Output all the records below, word for word.

══════════

Lemma scale_Xn_natr (k : fieldType) (a : k) (d : nat) : d%:R != 0 :> k ->
  a *: 'X^d = d%:R * ((a / d%:R)%:P * 'X^d).
Proof.
by move=> dk; rewrite mulrA -polyC_natr -polyCM mulrCA divff // mulr1 mul_polyC.
Qed.

Definition p_lam (F : fieldType) (d : nat) (a l : F) : {poly F} :=
  l%:P - (a / d%:R * l) *: 'X^d.

Section PLambda.
Variables (k : fieldType) (d r : nat) (a : k).
Hypotheses (dk_neq0 : d%:R != 0 :> k) (hdr : (d < r)%N) (hr : (r <= 2 * d)%N).

Let d_gt0 : (0 < d)%N := natr_neq0_gt0 dk_neq0.

Lemma p_lam_spec lam : lam ^+ d = 1 -> is_p_lambda d r a lam (p_lam d a lam).
Proof.
move=> hl; split.
- rewrite (leq_trans (size_polyD _ _)) // geq_max size_polyC size_polyN.
  rewrite (leq_trans (leq_b1 _)) ?(ltn_trans d_gt0 hdr) //.
  by rewrite (leq_trans (size_scale_leq _ _)) // size_polyXn.
- by rewrite !hornerE expr0n gtn_eqF // mulr0 subr0.
set e := a / d%:R; set u : {poly k} := e%:P * 'X^d.
have [Q hQ] := expr1B_mod_sqr u d.
have u2 : u ^+ 2 = 'X^r * ((e ^+ 2)%:P * 'X^(2 * d - r)) by exact: sqr_polyCXn.
have ha : a *: 'X^d = d%:R * u by exact: scale_Xn_natr.
have -> : p_lam d a lam = lam%:P * (1 - u).
  by rewrite /p_lam -/e -mul_polyC polyCM /u; ring.
rewrite exprMn -polyC_exp hl mul1r hQ ha u2.
have -> : 1 - (1 - d%:R * u + 'X^r * ((e ^+ 2)%:P * 'X^(2 * d - r)) * Q) - d%:R * u
  = 'X^r * - ((e ^+ 2)%:P * 'X^(2 * d - r) * Q) by ring.
exact: dvdp_mulIl.
Qed.

Lemma p_lam_unique lam p q : lam ^+ d = 1 ->
  is_p_lambda d r a lam p -> is_p_lambda d r a lam q -> p = q.
Proof.
move=> hl [sp p0 dp] [sq q0 dq].
have Xr_dvd : 'X^r %| (p - q) * \sum_(i < d) p ^+ (d.-1 - i) * q ^+ i.
  rewrite -subrXX.
  have -> : p ^+ d - q ^+ d = (1 - q ^+ d - a *: 'X^d) - (1 - p ^+ d - a *: 'X^d) by ring.
  exact: dvdp_sub.
have sum0 : (\sum_(i < d) p ^+ (d.-1 - i) * q ^+ i).[0] = d%:R * lam ^+ d.-1.
  rewrite horner_sum (eq_bigr (fun=> lam ^+ d.-1)) ?sumr_const ?card_ord ?mulr_natl //.
  by move=> i _; rewrite !hornerE p0 q0 -exprD subnK // -ltnS prednK.
rewrite Gauss_dvdpl in Xr_dvd; last first.
  rewrite coprimep_expl // coprimep_sym coprimepX /root sum0.
  by rewrite mulf_neq0 // expf_neq0 // (unity_root_neq0 d_gt0 hl).
apply/eqP; rewrite -subr_eq0; apply: contraTT Xr_dvd => pq_neq0.
apply/negP => /(dvdp_leq pq_neq0); rewrite size_polyXn ltnNge.
by rewrite (leq_trans (size_polyD _ _)) // geq_max size_polyN sp sq.
Qed.

End PLambda.

Section Twist.
Variables (F : fieldType) (d r : nat) (a L : F).
Hypotheses (d_gt0 : (0 < d)%N) (hL : L ^+ d = 1).

Let L_neq0 : L != 0. Proof. exact: unity_root_neq0 d_gt0 hL. Qed.

Lemma p_lam_horner l x : (p_lam d a l).[x] = l - a / d%:R * l * x ^+ d.
Proof. by rewrite !hornerE. Qed.

Lemma p_lam_comp l : p_lam d a l \Po (L *: 'X) = p_lam d a l.
Proof.
by rewrite comp_polyB comp_polyC comp_polyZ comp_Xn_poly exprZn hL scale1r.
Qed.

Lemma sigma_p_lamB x c : L != 1 ->
  sigma d a x c = (1 - L)^-1 * ((p_lam d a 1).[x] - (p_lam d a L).[x]) * c.
Proof.
move=> L_neq1; rewrite !p_lam_horner /sigma; set e := a / d%:R.
by field; rewrite subr_eq0 eq_sym.
Qed.

Lemma sigma_twist x c : x != 0 ->
  (L ^+ (r - 1))^-1 * x ^+ r
    * sigma d a (L^-1 * x) (L ^+ (r - 1) * (c + (1 - L) / x ^+ r))
  = x ^+ r * sigma d a x c + (p_lam d a 1).[x] - (p_lam d a L).[x].
Proof.
move=> x_neq0; rewrite !p_lam_horner /sigma exprMn exprVn hL invr1 mul1r.
set e := a / d%:R.
by field; rewrite !expf_neq0.
Qed.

══════════

**EXERCISE ANSWER:**
Lemma scale_Xn_natr (k : fieldType) (a : k) (d : nat) : d%:R != 0 :> k ->
  a *: 'X^d = d%:R * ((a / d%:R)%:P * 'X^d).
Proof.
by move=> dk; rewrite mulrA -polyC_natr -polyCM mulrCA divff // mulr1 mul_polyC.
Qed.

Definition p_lam (F : fieldType) (d : nat) (a l : F) : {poly F} :=
  l%:P - (a / d%:R * l) *: 'X^d.

Section PLambda.
Variables (k : fieldType) (d r : nat) (a : k).
Hypotheses (dk_neq0 : d%:R != 0 :> k) (hdr : (d < r)%N) (hr : (r <= 2 * d)%N).

Let d_gt0 : (0 < d)%N := natr_neq0_gt0 dk_neq0.

Lemma p_lam_spec lam : lam ^+ d = 1 -> is_p_lambda d r a lam (p_lam d a lam).
Proof.
move=> hl; split.
- rewrite (leq_trans (size_polyD _ _)) // geq_max size_polyC size_polyN.
  rewrite (leq_trans (leq_b1 _)) ?(ltn_trans d_gt0 hdr) //.
  by rewrite (leq_trans (size_scale_leq _ _)) // size_polyXn.
- by rewrite !hornerE expr0n gtn_eqF // mulr0 subr0.
set e := a / d%:R; set u : {poly k} := e%:P * 'X^d.
have [Q hQ] := expr1B_mod_sqr u d.
have u2 : u ^+ 2 = 'X^r * ((e ^+ 2)%:P * 'X^(2 * d - r)) by exact: sqr_polyCXn.
have ha : a *: 'X^d = d%:R * u by exact: scale_Xn_natr.
have -> : p_lam d a lam = lam%:P * (1 - u).
  by rewrite /p_lam -/e -mul_polyC polyCM /u; ring.
rewrite exprMn -polyC_exp hl mul1r hQ ha u2.
have -> : 1 - (1 - d%:R * u + 'X^r * ((e ^+ 2)%:P * 'X^(2 * d - r)) * Q) - d%:R * u
  = 'X^r * - ((e ^+ 2)%:P * 'X^(2 * d - r) * Q) by ring.
exact: dvdp_mulIl.
Qed.

Lemma p_lam_unique lam p q : lam ^+ d = 1 ->
  is_p_lambda d r a lam p -> is_p_lambda d r a lam q -> p = q.
Proof.
move=> hl [sp p0 dp] [sq q0 dq].
have Xr_dvd : 'X^r %| (p - q) * \sum_(i < d) p ^+ (d.-1 - i) * q ^+ i.
  rewrite -subrXX.
  have -> : p ^+ d - q ^+ d = (1 - q ^+ d - a *: 'X^d) - (1 - p ^+ d - a *: 'X^d) by ring.
  exact: dvdp_sub.
have sum0 : (\sum_(i < d) p ^+ (d.-1 - i) * q ^+ i).[0] = d%:R * lam ^+ d.-1.
  rewrite horner_sum (eq_bigr (fun=> lam ^+ d.-1)) ?sumr_const ?card_ord ?mulr_natl //.
  by move=> i _; rewrite !hornerE p0 q0 -exprD subnK // -ltnS prednK.
rewrite Gauss_dvdpl in Xr_dvd; last first.
  rewrite coprimep_expl // coprimep_sym coprimepX /root sum0.
  by rewrite mulf_neq0 // expf_neq0 // (unity_root_neq0 d_gt0 hl).
apply/eqP; rewrite -subr_eq0; apply: contraTT Xr_dvd => pq_neq0.
apply/negP => /(dvdp_leq pq_neq0); rewrite size_polyXn ltnNge.
by rewrite (leq_trans (size_polyD _ _)) // geq_max size_polyN sp sq.
Qed.

End PLambda.

Section Twist.
Variables (F : fieldType) (d r : nat) (a L : F).
Hypotheses (d_gt0 : (0 < d)%N) (hL : L ^+ d = 1).

Let L_neq0 : L != 0. Proof. exact: unity_root_neq0 d_gt0 hL. Qed.

Lemma p_lam_horner l x : (p_lam d a l).[x] = l - a / d%:R * l * x ^+ d.
Proof. by rewrite !hornerE. Qed.

Lemma p_lam_comp l : p_lam d a l \Po (L *: 'X) = p_lam d a l.
Proof.
by rewrite comp_polyB comp_polyC comp_polyZ comp_Xn_poly exprZn hL scale1r.
Qed.

Lemma sigma_p_lamB x c : L != 1 ->
  sigma d a x c = (1 - L)^-1 * ((p_lam d a 1).[x] - (p_lam d a L).[x]) * c.
Proof.
move=> L_neq1; rewrite !p_lam_horner /sigma; set e := a / d%:R.
by field; rewrite subr_eq0 eq_sym.
Qed.

Lemma sigma_twist x c : x != 0 ->
  (L ^+ (r - 1))^-1 * x ^+ r
    * sigma d a (L^-1 * x) (L ^+ (r - 1) * (c + (1 - L) / x ^+ r))
  = x ^+ r * sigma d a x c + (p_lam d a 1).[x] - (p_lam d a L).[x].
Proof.
move=> x_neq0; rewrite !p_lam_horner /sigma exprMn exprVn hL invr1 mul1r.
set e := a / d%:R.
by field; rewrite !expf_neq0.
Qed.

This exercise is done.